DESCRIPTION OF THE TASK — The lines wanted run from the first one below through the one with "sets matter. *)". Return them exactly.

GIVEN ENTRIES —
↓↓↓
(* Let $k\geq 2$ and $n\geq 3$ be integers. If $n\nrightarrow(3)_k^2$, then $2^n\nrightarrow(5)_k^3$.
   Context: For $m\in\mathbb N$ write $[m]=\{0,\dots,m-1\}$. For $n>r\geq1$, $k\geq2$, $n\geq s>r$, the relation $n\to(s)_k^r$ means that every colouring of the $r$-element subsets of $[n]$ with $k$ colours admits a subset of $[n]$ of size $s$ all of whose $r$-subsets receive the same colour; $n\nrightarrow(s)_k^r$ is its negation. *)

From mathcomp Require Import all_boot.
Set Implicit Arguments. Unset Strict Implicit. Unset Printing Implicit Defensive.

(* A k-colouring of the r-element subsets of [n] = 'I_n is represented by a
   function c : {set 'I_n} -> 'I_k; only its values on r-element sets matter. *)

Definition monochromatic (n k r : nat) (c : {set 'I_n} -> 'I_k) (S : {set 'I_n}) : Prop :=
  exists col : 'I_k, forall A : {set 'I_n}, A \subset S -> #|A| = r -> c A = col.

Definition arrow (n s k r : nat) : Prop :=
  forall c : {set 'I_n} -> 'I_k,
    exists S : {set 'I_n}, #|S| = s /\ monochromatic r c S.

(* Identify x < 2^n with its n-bit binary expansion and let [split_level x y]
   be one plus the highest bit where x and y differ, i.e. the least j such
   that x and y lie in the same dyadic block of length 2^j.  On an increasing
   triple x < y < z the levels of (x,y) and (y,z) differ and the level of
   (x,z) is their maximum (an ultrametric).  A colouring c of pairs of levels
   induces a colouring of triples of [2^n]: colour {x,y,z} by c applied to
   the set of its split levels, which is a pair.

   Given a 5-set a < b < c < d < e monochromatic for the induced colouring,
   the level sequence of consecutive elements forces, for one of the windows
   a<b<c<d or b<c<d<e, three distinct levels all of whose pairs are realised
   by triples of the window (lemma [window_triangle]); these three levels form
   a monochromatic triangle for c. *)

From mathcomp Require Import zify.
From mathcomp Require Import all_boot.
Set Implicit Arguments. Unset Strict Implicit. Unset Printing Implicit Defensive.

Definition same_block (j x y : nat) : bool := x %/ 2 ^ j == y %/ 2 ^ j.

Lemma same_blockS j x y : same_block j.+1 x y = same_block j x./2 y./2.
Proof. by rewrite /same_block -!divn2 -!divnMA expnS mulnC. Qed.

Fixpoint split_level (f x y : nat) : nat :=
  if f is f'.+1 then (if x == y then 0 else (split_level f' x./2 y./2).+1)
  else 0.

Lemma split_levelP f x y j : x < 2 ^ f -> y < 2 ^ f ->
  same_block j x y = (split_level f x y <= j).
Proof.
elim: f x y j => [|f IH] x y j /=.
  by rewrite expn0 !ltnS !leqn0 => /eqP -> /eqP ->; rewrite /same_block eqxx.
move=> hx hy; case: eqP => [->|ne]; first by rewrite /same_block eqxx.
case: j => [|j]; first by rewrite /same_block expn0 !divn1; apply/eqP.
have half_lt u : u < 2 ^ f.+1 -> u./2 < 2 ^ f.
  by rewrite -divn2 ltn_divLR // -expnSr.
by rewrite same_blockS ltnS IH // half_lt.
Qed.

Lemma eq_from_leq a b : (forall j, (a <= j) = (b <= j)) -> a = b.
Proof. by move=> h; apply/eqP; rewrite eqn_leq -h leqnn h leqnn. Qed.

Section SplitLevel.

Variable n : nat.
Local Notation lvl := (split_level n).

Lemma lvl_sym x y : x < 2 ^ n -> y < 2 ^ n -> lvl x y = lvl y x.
Proof.
by move=> hx hy; apply: eq_from_leq => j; rewrite -!split_levelP // /same_block eq_sym.
Qed.

Lemma lvl_le x y : x < 2 ^ n -> y < 2 ^ n -> lvl x y <= n.
Proof. by move=> hx hy; rewrite -split_levelP // /same_block !divn_small. Qed.

Lemma lvl_gt0 x y : x < 2 ^ n -> y < 2 ^ n -> x != y -> 0 < lvl x y.
Proof. by move=> hx hy ne; rewrite lt0n -leqn0 -split_levelP // /same_block expn0 !divn1. Qed.

(* Dyadic blocks are intervals: a block containing x <= z contains all between. *)
Lemma same_block_between j x y z : x <= y <= z ->
  same_block j x z -> same_block j x y && same_block j y z.
Proof.
move=> /andP[h1 h2]; rewrite /same_block => /eqP e.
have a := leq_div2r (2 ^ j) h1; have b := leq_div2r (2 ^ j) h2.
by apply/andP; split; apply/eqP; lia.
Qed.

Lemma lvl_max x y z : x < y -> y < z -> z < 2 ^ n ->
  lvl x z = maxn (lvl x y) (lvl y z).
Proof.
move=> xy yz hz; have hy : y < 2 ^ n by lia.
have hx : x < 2 ^ n by lia.
apply: eq_from_leq => j; rewrite geq_max -!split_levelP //.
apply/idP/idP; first by apply: same_block_between; lia.
by rewrite /same_block => /andP[/eqP -> /eqP ->].
Qed.

(* On an increasing triple the two consecutive split levels differ: at level
   d = lvl x y - 1, x and y lie in distinct halves of one block of size 2^(d+1),
   so y and z cannot also split there. *)
Lemma lvl_neq x y z : x < y -> y < z -> z < 2 ^ n -> lvl x y != lvl y z.
Proof.
move=> xy yz hz; have hy : y < 2 ^ n by lia.
have hx : x < 2 ^ n by lia.
apply/eqP => e; have := lvl_gt0 hx hy (negbT (ltn_eqF xy)).
case Exy: (lvl x y) e => [|d] // e _.
have B1 : same_block d.+1 x y by rewrite (split_levelP _ hx hy) Exy.
have B2 : same_block d.+1 y z by rewrite (split_levelP _ hy hz) -e.
have N1 : ~~ same_block d x y by rewrite (split_levelP _ hx hy) Exy ltnn.
have N2 : ~~ same_block d y z by rewrite (split_levelP _ hy hz) -e ltnn.
move: B1 B2 N1 N2; rewrite /same_block expnSr !divnMA => /eqP e1 /eqP e2 n1 n2.
have a := leq_div2r (2 ^ d) (ltnW xy); have b := leq_div2r (2 ^ d) (ltnW yz).
move: (x %/ 2 ^ d) (y %/ 2 ^ d) (z %/ 2 ^ d) e1 e2 n1 n2 a b => X Y Z e1 e2 n1 n2 a b.
have : X < Y by rewrite ltn_neqAle n1 a.
have : Y < Z by rewrite ltn_neqAle n2 b.
lia.
Qed.

End SplitLevel.

Definition levels n (A : {set 'I_(2 ^ n)}) : {set 'I_n} :=
  [set i : 'I_n | [exists a in A, exists b in A,
     (a != b) && (val i == (split_level n a b).-1)]].

Definition lift_colouring n k (c : {set 'I_n} -> 'I_k) (A : {set 'I_(2 ^ n)}) : 'I_k :=
  c (levels A).

Lemma level_lt n (x y : 'I_(2 ^ n)) : x != y -> (split_level n x y).-1 < n.
Proof.
move=> xy; have := lvl_gt0 (ltn_ord x) (ltn_ord y) xy.
by have := lvl_le (ltn_ord x) (ltn_ord y); lia.
Qed.

Lemma ord_neq_of_lt N (a b : 'I_N) : a < b -> a != b.
Proof. by move=> ab; rewrite -val_eqE /= ltn_eqF. Qed.

Lemma card_set3 (T : finType) (a b e : T) :
  a != b -> a != e -> b != e -> #|[set a; b; e]| = 3.
Proof.
move=> ab ae be; rewrite -setUA cardsU1 cards2 !inE be.
by rewrite (negbTE ab) (negbTE ae).
Qed.

Lemma levels_triple n (x y z : 'I_(2 ^ n)) (p q : 'I_n) :
  x < y -> y < z -> val p = (split_level n x y).-1 -> val q = (split_level n y z).-1 ->
  levels [set x; y; z] = [set p; q].
Proof.
move=> xy yz hp hq.
have hx := ltn_ord x; have hy := ltn_ord y; have hz := ltn_ord z.
have Mxz := lvl_max xy yz hz.
have Sxy := lvl_sym hx hy; have Syz := lvl_sym hy hz; have Sxz := lvl_sym hx hz.
have Pxy := lvl_gt0 hx hy (negbT (ltn_eqF xy)).
have Pyz := lvl_gt0 hy hz (negbT (ltn_eqF yz)).
apply/setP=> i; rewrite !inE -!val_eqE hp hq; apply/idP/idP.
  case/exists_inP=> a ha /exists_inP[b hb /andP[ab /eqP ->]].
  move: ha hb; rewrite !inE => /orP[/orP[]|]/eqP Ea /orP[/orP[]|]/eqP Eb; subst a b;
    rewrite ?eqxx // in ab *; lia.
case/orP=> /eqP ->; apply/exists_inP.
  exists x; rewrite ?inE ?eqxx //; apply/exists_inP; exists y; rewrite ?inE ?eqxx ?orbT //.
  by rewrite ?eqxx ?andbT -val_eqE /= ltn_eqF.
exists y; rewrite ?inE ?eqxx ?orbT //; apply/exists_inP; exists z; rewrite ?inE ?eqxx ?orbT //.
by rewrite ?eqxx ?andbT -val_eqE /= ltn_eqF.
Qed.

Lemma mono_triangle n k (c : {set 'I_n} -> 'I_k) (col : 'I_k) (p1 p2 p3 : 'I_n) :
  p1 != p2 -> p1 != p3 -> p2 != p3 ->
  c [set p1; p2] = col -> c [set p2; p3] = col -> c [set p1; p3] = col ->
  exists T : {set 'I_n}, #|T| = 3 /\ monochromatic 2 c T.
Proof.
move=> d12 d13 d23 c12 c23 c13; exists [set p1; p2; p3]; split; first exact: card_set3.
exists col => A sAT /eqP/cards2P[u [v [uv EA]]]; subst A.
have hu : u \in [set p1; p2; p3] by apply: (subsetP sAT); rewrite !inE eqxx.
have hv : v \in [set p1; p2; p3] by apply: (subsetP sAT); rewrite !inE eqxx orbT.
have set2C (p q : 'I_n) : [set p; q] = [set q; p] by apply/setP=> i; rewrite !inE orbC.
move: hu hv uv; rewrite !inE => /orP[/orP[]|]/eqP-> /orP[/orP[]|]/eqP->;
  rewrite ?eqxx // => _; try done; by rewrite set2C.
Qed.

Section MonochromaticSet.

Variables (n k : nat) (c : {set 'I_n} -> 'I_k) (S : {set 'I_(2 ^ n)}) (col : 'I_k).
Hypothesis monoS :
  forall A : {set 'I_(2 ^ n)}, A \subset S -> #|A| = 3 -> lift_colouring c A = col.
Local Notation lvl := (split_level n).

Lemma triple_colour (x y z : 'I_(2 ^ n)) (p q : 'I_n) :
  x \in S -> y \in S -> z \in S -> x < y -> y < z ->
  val p = (lvl x y).-1 -> val q = (lvl y z).-1 -> c [set p; q] = col.
Proof.
move=> xS yS zS xy yz hp hq; rewrite -(levels_triple xy yz hp hq); apply: monoS.
  by apply/subsetP=> t; rewrite !inE => /orP[/orP[]|]/eqP->.
by apply: card_set3; apply: ord_neq_of_lt; [| apply: ltn_trans yz |].
Qed.

(* The key window: four increasing points of S whose outer levels differ and
   whose middle level is not the largest yield a monochromatic triangle of
   levels: the two outer levels are realised together by (x,y,w) or (x,z,w). *)
Lemma window_triangle (x y z w : 'I_(2 ^ n)) :
  x \in S -> y \in S -> z \in S -> w \in S -> x < y -> y < z -> z < w ->
  lvl x y != lvl z w -> (lvl y z < lvl z w) || (lvl y z < lvl x y) ->
  exists T : {set 'I_n}, #|T| = 3 /\ monochromatic 2 c T.
Proof.
move=> xS yS zS wS xy yz zw d13 middle.
have hz := ltn_ord z; have hw := ltn_ord w.
pose p1 := Ordinal (level_lt (ord_neq_of_lt xy)).
pose p2 := Ordinal (level_lt (ord_neq_of_lt yz)).
pose p3 := Ordinal (level_lt (ord_neq_of_lt zw)).
have d12 := lvl_neq xy yz hz; have d23 := lvl_neq yz zw hw.
have pos (a b : 'I_(2 ^ n)) : a < b -> 0 < lvl a b.
  by move=> ab; apply: lvl_gt0 (ltn_ord a) (ltn_ord b) (ord_neq_of_lt ab).
have P1 := pos _ _ xy; have P2 := pos _ _ yz; have P3 := pos _ _ zw.
apply: (@mono_triangle _ _ c col p1 p2 p3); rewrite -?val_eqE /=; try lia.
- exact: (triple_colour xS yS zS xy yz).
- exact: (triple_colour yS zS wS yz zw).
- case/orP: middle => middle.
    apply: (triple_colour xS yS wS xy (ltn_trans yz zw)) => //=.
    by rewrite (lvl_max yz zw hw); lia.
  apply: (triple_colour xS zS wS (ltn_trans xy yz) zw) => //=.
  by rewrite (lvl_max xy yz hz); lia.
Qed.

End MonochromaticSet.

Lemma sorted_enum_set N (S : {set 'I_N}) : sorted (fun a b : 'I_N => a < b) (enum S).
Proof.
have lt_trans : transitive (fun a b : 'I_N => a < b) by move=> y x z; apply: ltn_trans.
have sorted_ord : sorted ltn (map val (enum 'I_N)).
  by rewrite val_enum_ord iota_ltn_sorted.
rewrite sorted_map enumT in sorted_ord.
exact: (sorted_filter lt_trans _ sorted_ord).
Qed.

Lemma increasing_five N (S : {set 'I_N}) : #|S| = 5 ->
  exists a b c d e : 'I_N, [/\ [/\ a \in S, b \in S, c \in S, d \in S & e \in S]
                           & [/\ a < b, b < c, c < d & d < e]].
Proof.
rewrite cardE; have := sorted_enum_set S; have memS t : t \in enum S -> t \in S.
  by rewrite mem_enum.
case: (enum S) memS => [|a [|b [|c [|d [|e [|f l]]]]]] //= memS.
case/and5P=> ab bc cd de _ _; exists a, b, c, d, e; split=> //.
by split; apply: memS; rewrite !inE eqxx ?orbT.
Qed.

(* Arithmetic core: among four consecutive levels subject to the ultrametric
   constraints of a 5-point chain, one of the two 4-windows has distinct outer
   levels and a middle level that is not the largest. *)
Lemma five_levels_pattern d1 d2 d3 d4 :
  d1 != d2 -> d2 != d3 -> d3 != d4 -> d1 != maxn d2 d3 -> maxn d2 d3 != d4 ->
  (d1 != d3) && ((d2 < d3) || (d2 < d1)) || (d2 != d4) && ((d3 < d4) || (d3 < d2)).
Proof. by lia. Qed.

Theorem mainTheorem8 (k n : nat) (hk : 2 <= k) (hn : 3 <= n) :
  ~ arrow n 3 k 2 -> ~ arrow (2 ^ n) 5 k 3.
Proof.
move=> no_triangle arrow5; apply: no_triangle => c.
have [S [cardS [col monoS]]] := arrow5 (lift_colouring c).
have [a [b [x [d [e [[aS bS xS dS eS] [ab bx xd de]]]]]]] := increasing_five cardS.
have hx := ltn_ord x; have hd := ltn_ord d; have he := ltn_ord e.
have := five_levels_pattern (lvl_neq ab bx hx) (lvl_neq bx xd hd) (lvl_neq xd de he).
rewrite -(lvl_max bx xd hd) (lvl_neq ab (ltn_trans bx xd) hd).
rewrite (lvl_neq (ltn_trans bx xd) de he) => /(_ isT isT) /orP[]/andP[outer middle].
- exact: (window_triangle monoS aS bS xS dS ab bx xd outer middle).
- exact: (window_triangle monoS bS xS dS eS bx xd de outer middle).
Qed.
Theorem lemma5p1 (R : realType) (m n : nat) :
  (0 < m)%N -> (0 < n)%N ->
  exists eps : R, 0 < eps /\
    forall x u v : R, `|x| < eps -> `|u| < eps -> `|v| < eps ->
      (fun N : nat => \sum_(L < N) coeffH m n L u v * x ^+ L) @ \oo
        --> Hclosed m n x u v.
Proof.
move=> m_gt0 n_gt0; exists (1/8); split=> [|x u v x_small u_small v_small]; first lra.
have [x_neq1 free_den z_den xm_neq1] := small_denominators m_gt0 x_small u_small.
have [vx_neq1 vxm_neq1] := small_v_denominators m_gt0 x_small v_small.
rewrite -cvg_shiftS /= (eq_cvg _ _ (coeffH_partial_sumS u v m_gt0 n_gt0 x)).
have [->|x_neq0] := eqVneq x 0.
  by rewrite Hclosed_x0 //; under eq_cvg do rewrite mul0r addr0; exact: cvg_cst.
rewrite Hclosed_state_gf ?small_zH_neq0 //.
apply: cvgD; first exact: cvg_cst.
have n_pred_lt : (n.-1 < n)%N by rewrite ltn_predL.
do 2 apply: cvgMl_tmp; apply: (cvg_extend _ n_pred_lt m_gt0) => b r b_lt r_lt.
apply: partial_sum_cvg => //.
- by have := v_small; lra.
- exact: small_rho.
- by move=> fl b' r' _ r'_lt; apply: state_gf_fixpoint.
Qed.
↑↑↑
FINISHED TASK —
(* Let $k\geq 2$ and $n\geq 3$ be integers. If $n\nrightarrow(3)_k^2$, then $2^n\nrightarrow(5)_k^3$.
   Context: For $m\in\mathbb N$ write $[m]=\{0,\dots,m-1\}$. For $n>r\geq1$, $k\geq2$, $n\geq s>r$, the relation $n\to(s)_k^r$ means that every colouring of the $r$-element subsets of $[n]$ with $k$ colours admits a subset of $[n]$ of size $s$ all of whose $r$-subsets receive the same colour; $n\nrightarrow(s)_k^r$ is its negation. *)

From mathcomp Require Import all_boot.
Set Implicit Arguments. Unset Strict Implicit. Unset Printing Implicit Defensive.

(* A k-colouring of the r-element subsets of [n] = 'I_n is represented by a
   function c : {set 'I_n} -> 'I_k; only its values on r-element sets matter. *)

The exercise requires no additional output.